Когда оркестр заиграл, у Кирилла выступили слёзы, и он сильно сжал Нюркину руку. В конце программы он прошептал ей:
— Нюрочка, скажи им, что я музыкант, пусть они дадут мне подержать скрипку.
Она тут же подошла к дирижёру и передала ему просьбу слепого друга.
Когда Нюрка подвела к дирижёру Кирилла, у того от волнения дрожали руки. Они коротко переговорили, и дирижёр вложил в руки Кирилла скрипку и смычок, попросив зрителей не расходиться.
И тут произошло чудо. Скрипка в руках Кирилла словно ожила. Она плакала и смеялась. Он играл с таким упоением, что зрители замерли в восхищении. Когда скрипка умолкла, наступила тишина, а потом все дружно захлопали, особенно сами музыканты. А дирижёр сказал Кириллу:
— У Вас большое будущее и зрение здесь ни при чём. Желаю Вам творческих успехов.
Нюрка была потрясена. Она впервые в жизни услышала настоящую музыку, да ещё «вживую». Дома не было ни патефона, ни радиоприёмника, а о телевизоре в народе тогда и не слышали. А то, как играл Кирилл, она не могла даже представить. Что-то в душе её плакало и смеялось вместе с его скрипкой. Ещё в школе она прочитала рассказ Короленко «Слепой музыкант», и плакала над ним. Но это в книжке, а не в жизни. А теперь и у неё есть настоящий слепой музыкант, и она готова была посвятить ему всю свою жизнь.

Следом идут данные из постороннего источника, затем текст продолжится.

(* Let $I=(i_1,\dots,i_k)$ be positive integers with sum $n$, and let $U,V\in S_n^I$ with $U\preceq V$ and $U\ne V$. Let $j_0$ be the least index with $U(j_0)\neq V(j_0)$. Then $U(j_0)<V(j_0)$. Let $l\ge j_0$ be maximal such that $V(j_0)=V(j_0+1)=\dots=V(l)$, and let $m$ be the least integer with $l\le m\le n$ satisfying $U(j_0)\le V(m)<V(l)$. Let $V'=V\circ(l,m)$, i.e. the string $(V(1),\dots,V(n))$ with the entries in positions $l$ and $m$ swapped. Then $U\preceq V'\preceq V$.
   Context: $S_n^I$ is the set of surjective maps $\tau\colon\{1,\dots,n\}\to\{1,\dots,k\}$ with $|\tau^{-1}(j)|=i_j$ for all $j$, written as strings $(\tau(1),\dots,\tau(n))$. Put $r_\tau[p,q]=\#\{j\le p:\ \tau(j)\ge q\}$; the Bruhat order on $S_n^I$ is $\tau\preceq\upsilon$ iff $r_\tau[p,q]\le r_\upsilon[p,q]$ for all $1\le p\le n$, $1\le q\le k$. *)

(* Elements of S_n^I are represented as strings (seq nat)
   (tau(1), ..., tau(n)); positions and values are 1-based as in the paper. *)
From mathcomp Require Import all_boot.
Set Implicit Arguments. Unset Strict Implicit. Unset Printing Implicit Defensive.

(* composition I = (i_1, ..., i_k) is a seq nat; k = size I, n = sumn I *)

Definition at_ (tau : seq nat) (p : nat) : nat := nth 0 tau p.-1.

(* tau \in S_n^I : tau : {1..n} -> {1..k} with |tau^{-1}(q)| = i_q for all q
   (surjectivity follows since all i_q are positive). *)
Definition in_SnI (I : seq nat) (tau : seq nat) : Prop :=
  [/\ size tau = sumn I,
      all (fun x => 0 < x <= size I) tau &
      forall q, 1 <= q <= size I -> count_mem q tau = nth 0 I q.-1].

Definition rk (tau : seq nat) (p q : nat) : nat :=
  count (fun x => q <= x) (take p tau).

Definition bruhat_le (I : seq nat) (tau ups : seq nat) : Prop :=
  forall p q, 1 <= p <= sumn I -> 1 <= q <= size I -> rk tau p q <= rk ups p q.

Definition swap_pos (V : seq nat) (l m : nat) : seq nat :=
  [seq at_ V (if j == l then m else if j == m then l else j) | j <- iota 1 (size V)].

From mathcomp Require Import all_boot zify.

(* The transposition (l, m) moves the smaller value V(m) to the left, so it
   lowers r_V[p, q] by one exactly on the rectangle l <= p < m,
   V(m) < q <= V(l), and changes nothing elsewhere; hence V' <= V.  On that
   rectangle r_U[p, q] < r_V[p, q]: raising the threshold from q1 = U(j0) to q
   costs U at least its entry at j0, while by the minimality of m no entry of V
   in positions j0..p lies in [q1, q), so V loses nothing; and
   r_U[p, q1] <= r_V[p, q1]. *)

Definition rk_in (tau : seq nat) (a b q : nat) : nat :=
  \sum_(a <= j < b) (q <= at_ tau j).

Lemma rk_in_cat {tau : seq nat} {a b c q : nat} :
  a <= b <= c -> rk_in tau a c q = rk_in tau a b q + rk_in tau b c q.
Proof. by case/andP=> ab bc; rewrite /rk_in -big_cat_nat. Qed.

Lemma rk_in1 tau a q : rk_in tau a a.+1 q = (q <= at_ tau a).
Proof. by rewrite /rk_in big_nat1. Qed.

Lemma eq_rk_in tau tau' a b q q' :
  (forall j, a <= j < b -> (q <= at_ tau j) = (q' <= at_ tau' j)) ->
  rk_in tau a b q = rk_in tau' a b q'.
Proof. by move=> eq_ab; apply: eq_big_nat => j /eq_ab ->. Qed.

Lemma rk_rk_in tau p q : p <= size tau -> rk tau p q = rk_in tau 1 p.+1 q.
Proof.
elim: p => [|p IHp] le_p; first by rewrite /rk take0 /rk_in big_geq.
rewrite /rk (take_nth 0) // -cats1 count_cat -/(rk tau p q) IHp ?(ltnW le_p) //.
by rewrite [RHS](@rk_in_cat _ 1 p.+1) ?rk_in1 /= ?addn0.
Qed.

Lemma rk_in_witness tau a b q q' j :
  a <= j < b -> q' <= at_ tau j < q -> rk_in tau a b q < rk_in tau a b q'.
Proof.
move=> /andP[aj jb] /andP[q'j jq].
have lt_q'q : q' < q by apply: leq_ltn_trans jq.
have mono c d : rk_in tau c d q <= rk_in tau c d q'.
  by apply: leq_sum => i _; case: (leqP q) => // /(leq_trans (ltnW lt_q'q)) ->.
rewrite !(@rk_in_cat tau a j b) ?aj ?(ltnW jb) //.
rewrite !(@rk_in_cat tau j j.+1 b) ?leqnSn //.
rewrite !rk_in1 q'j [q <= _]leqNgt jq /=.
by have := mono a j; have := mono j.+1 b; lia.
Qed.

Lemma rk_in_gap tau a b q q' :
  q' <= q -> (forall j, a <= j < b -> ~~ (q' <= at_ tau j < q)) ->
  rk_in tau a b q' = rk_in tau a b q.
Proof.
move=> le_q'q gap; apply: eq_rk_in => j /gap.
case: (leqP q') => [_ /=|lt_q']; first by rewrite -leqNgt => ->.
by rewrite [q <= _]leqNgt (leq_trans lt_q' le_q'q).
Qed.

Section FirstDifference.

Variables (U V : seq nat) (j0 : nat).
Hypothesis j0_gt0 : 0 < j0.
Hypothesis eq_prefix : forall j, 0 < j < j0 -> at_ U j = at_ V j.

Let q1 := at_ U j0.

Lemma rk_in_prefix q : rk_in U 1 j0 q = rk_in V 1 j0 q.
Proof. by apply: eq_rk_in => j /eq_prefix ->. Qed.

Lemma split_rk_at tau p q : j0 <= p <= size tau ->
  rk tau p q = rk_in tau 1 j0 q + rk_in tau j0 p.+1 q.
Proof.
case/andP=> j0p ptau; have j0_range : 1 <= j0 <= p.+1 by rewrite j0_gt0 leqW.
by rewrite rk_rk_in // (rk_in_cat j0_range).
Qed.

Lemma at_lt_of_rk_le : j0 <= size U -> j0 <= size V ->
  rk U j0 q1 <= rk V j0 q1 -> q1 != at_ V j0 -> q1 < at_ V j0.
Proof.
move=> j0U j0V; rewrite !split_rk_at ?leqnn ?j0U ?j0V // !rk_in1 rk_in_prefix.
by rewrite leq_add2l leqnn ltn_neqAle lt0b => -> ->.
Qed.

Lemma rk_lt_of_gap p q : j0 <= p -> p <= size U -> p <= size V -> q1 < q ->
  (forall j, j0 <= j <= p -> ~~ (q1 <= at_ V j < q)) ->
  rk U p q1 <= rk V p q1 -> rk U p q < rk V p q.
Proof.
move=> j0p pU pV q1q gap.
rewrite !split_rk_at ?j0p ?pU ?pV // !rk_in_prefix.
rewrite !ltn_add2l leq_add2l => rkU_rkV.
rewrite -(@rk_in_gap V j0 p.+1 q q1 (ltnW q1q) gap); apply: leq_trans rkU_rkV.
by apply: (@rk_in_witness _ _ _ _ _ j0); rewrite ?leqnn ?ltnS ?j0p ?q1q.
Qed.

End FirstDifference.

Section Transposition.

Variables (V : seq nat) (l m : nat).
Hypotheses (l_gt0 : 0 < l) (lm : l < m) (mV : m <= size V).

Let V' := swap_pos V l m.

Lemma at_swap_pos j : 0 < j <= size V ->
  at_ V' j = at_ V (if j == l then m else if j == m then l else j).
Proof.
move=> j_range; rewrite /V' /swap_pos {1}/at_ (nth_map 0) ?size_iota; last lia.
rewrite nth_iota; last lia.
by have -> : 1 + j.-1 = j by lia.
Qed.

Lemma rk_in_swap_pos_out a b q : 0 < a -> b <= (size V).+1 ->
  (forall j, a <= j < b -> j != l /\ j != m) -> rk_in V' a b q = rk_in V a b q.
Proof.
move=> a_gt0 bV out; apply: eq_rk_in => j j_ab; rewrite at_swap_pos; last lia.
by have [/negbTE-> /negbTE->] := out j j_ab.
Qed.

Lemma rk_swap_pos p q : p <= size V ->
  rk V' p q + ((l <= p < m) && (q <= at_ V l))
  = rk V p q + ((l <= p < m) && (q <= at_ V m)).
Proof.
move=> pV; have V'V : size V' = size V by rewrite size_map size_iota.
rewrite !rk_rk_in ?V'V //.
have at_l : at_ V' l = at_ V m by rewrite at_swap_pos ?eqxx //; lia.
have at_m : at_ V' m = at_ V l.
  by rewrite at_swap_pos ?eqxx; [case: eqP => //; lia | lia].
have [pl | lp] := ltnP p l.
  by rewrite /= !addn0 rk_in_swap_pos_out //; lia.
have split_l : 1 <= l <= p.+1 by lia.
have split_l1 : l <= l.+1 <= p.+1 by lia.
rewrite !(rk_in_cat split_l) !(rk_in_cat split_l1) !rk_in1 at_l.
rewrite (@rk_in_swap_pos_out 1 l); [|lia..].
have [pm | mp] := ltnP p m.
  by rewrite (@rk_in_swap_pos_out l.+1 p.+1); lia.
have split_m : l.+1 <= m <= p.+1 by lia.
have split_m1 : m <= m.+1 <= p.+1 by lia.
rewrite !(rk_in_cat split_m) !(rk_in_cat split_m1) !rk_in1 at_m.
by rewrite (@rk_in_swap_pos_out l.+1 m) ?(@rk_in_swap_pos_out m.+1 p.+1); lia.
Qed.

Lemma bruhat_le_swap_pos I : size V = sumn I -> at_ V m <= at_ V l ->
  bruhat_le I V' V.
Proof.
move=> VI le_ml p q /andP[_ pn] _.
have := @rk_swap_pos p q; rewrite VI => /(_ pn).
case: (l <= p < m) => /=; last by rewrite !addn0 => ->.
by case: (leqP q (at_ V m)) => [/leq_trans/(_ le_ml)->|_]; lia.
Qed.

End Transposition.

Theorem lemma2p11 (I U V : seq nat) :
  all (fun i => 0 < i) I ->
  in_SnI I U -> in_SnI I V ->
  bruhat_le I U V -> U <> V ->
  forall j0 : nat,
    1 <= j0 <= sumn I -> at_ U j0 != at_ V j0 ->
    (forall j, 1 <= j < j0 -> at_ U j = at_ V j) ->
    at_ U j0 < at_ V j0 /\
    (forall l : nat,
       j0 <= l <= sumn I ->
       (forall j, j0 <= j <= l -> at_ V j = at_ V j0) ->
       (l = sumn I \/ at_ V l.+1 != at_ V j0) ->
       forall m : nat,
         l <= m <= sumn I ->
         at_ U j0 <= at_ V m < at_ V l ->
         (forall m', l <= m' < m -> ~~ (at_ U j0 <= at_ V m' < at_ V l)) ->
         bruhat_le I U (swap_pos V l m) /\ bruhat_le I (swap_pos V l m) V).
Proof.
move=> _ [sU aU _] [sV _ _] UleV _ j0 /andP[j0_gt0 j0n] neq_j0 eq_prefix.
have q1_range : 0 < at_ U j0 <= size I.
  by apply: (allP aU); rewrite /at_ mem_nth // sU; lia.
split=> [|l /andP[j0l ln] block _ m /andP[lm' mn] /andP[q1m ml] min_m].
  by apply: at_lt_of_rk_le; rewrite ?sU ?sV //; apply: UleV; rewrite ?j0_gt0.
have lm : l < m.
  by rewrite ltn_neqAle lm' andbT; apply: contraTneq ml => ->; rewrite ltnn.
have l_gt0 : 0 < l := leq_trans j0_gt0 j0l.
have mV : m <= size V by rewrite sV.
split; last exact: bruhat_le_swap_pos l_gt0 lm mV I sV (ltnW ml).
move=> p q /andP[p_gt0 pn] q_range.
have := @rk_swap_pos V l m l_gt0 lm mV p q; rewrite sV => /(_ pn).
have := UleV p q; rewrite p_gt0 pn q_range => /(_ isT isT).
case: (leqP q (at_ V m)) => [/leq_trans/(_ (ltnW ml))->|mq]; first lia.
case: (leqP q (at_ V l)) => [ql|_]; last by rewrite andbF !addn0 => + ->.
rewrite andbT andbF addn0.
case: (boolP (l <= p < m)) => [/andP[lp pm] _ rkV'|_];
  last by rewrite addn0 => + ->.
suff: rk U p q < rk V p q by lia.
apply: (@rk_lt_of_gap U V j0 j0_gt0 eq_prefix);
  rewrite ?sU ?sV ?(leq_trans j0l lp) ?(leq_ltn_trans q1m mq) //.
- move=> j /andP[j0j jp]; have [jl | lj] := leqP j l.
    by rewrite block ?j0j // -(block l) ?j0l ?leqnn // ltnNge ql andbF.
  apply: contra (min_m j _) => [/andP[-> /leq_trans->] //|].
  by rewrite (ltnW lj) (leq_ltn_trans jp pm).
- by apply: UleV; rewrite ?p_gt0.
Qed.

С этого дня и Кирилл ожил. Он начал есть, лечиться, и согласился выходить на прогулку. Они с Нюркой подолгу сидели на скамейке, молча наслаждаясь, солнышком и запахом молодой листвы, слушали деловитый щебет воробьёв и синичек. Теперь Нюрка не радовалась поездке в пионерский лагерь на всё лето. Она разрывалась между любовью к Кирюше и дочерним долгом помогать матери.
Нюрка помогала матери как могла. Когда началась война, ей сравнялось 12 лет, а Колька пошёл в первый класс. 7 лет ему исполнилось только в декабре, но в 1 классе был недобор, и Кольку приняли. Только потом Надежда поняла, что зря поторопилась, и отдала Кольку в школу так рано. Утром её дети вместе шли в школу, на большой перемене они съедали то, что Нюра приносила из дома, запивая жидким чаем из буфета. Чаще всего это были драники из не чищеной картошки, пожаренные на рыбьем жире. Картошку приходилось экономить, до нового урожая было ещё далеко. Колька часто болел, и к концу учебного года Надежду вызвали в школу, и предложили оставить его на второй год в 1 классе, надеясь, что он окрепнет за лето, и будет справляться со школьной программой. Надежда согласилась.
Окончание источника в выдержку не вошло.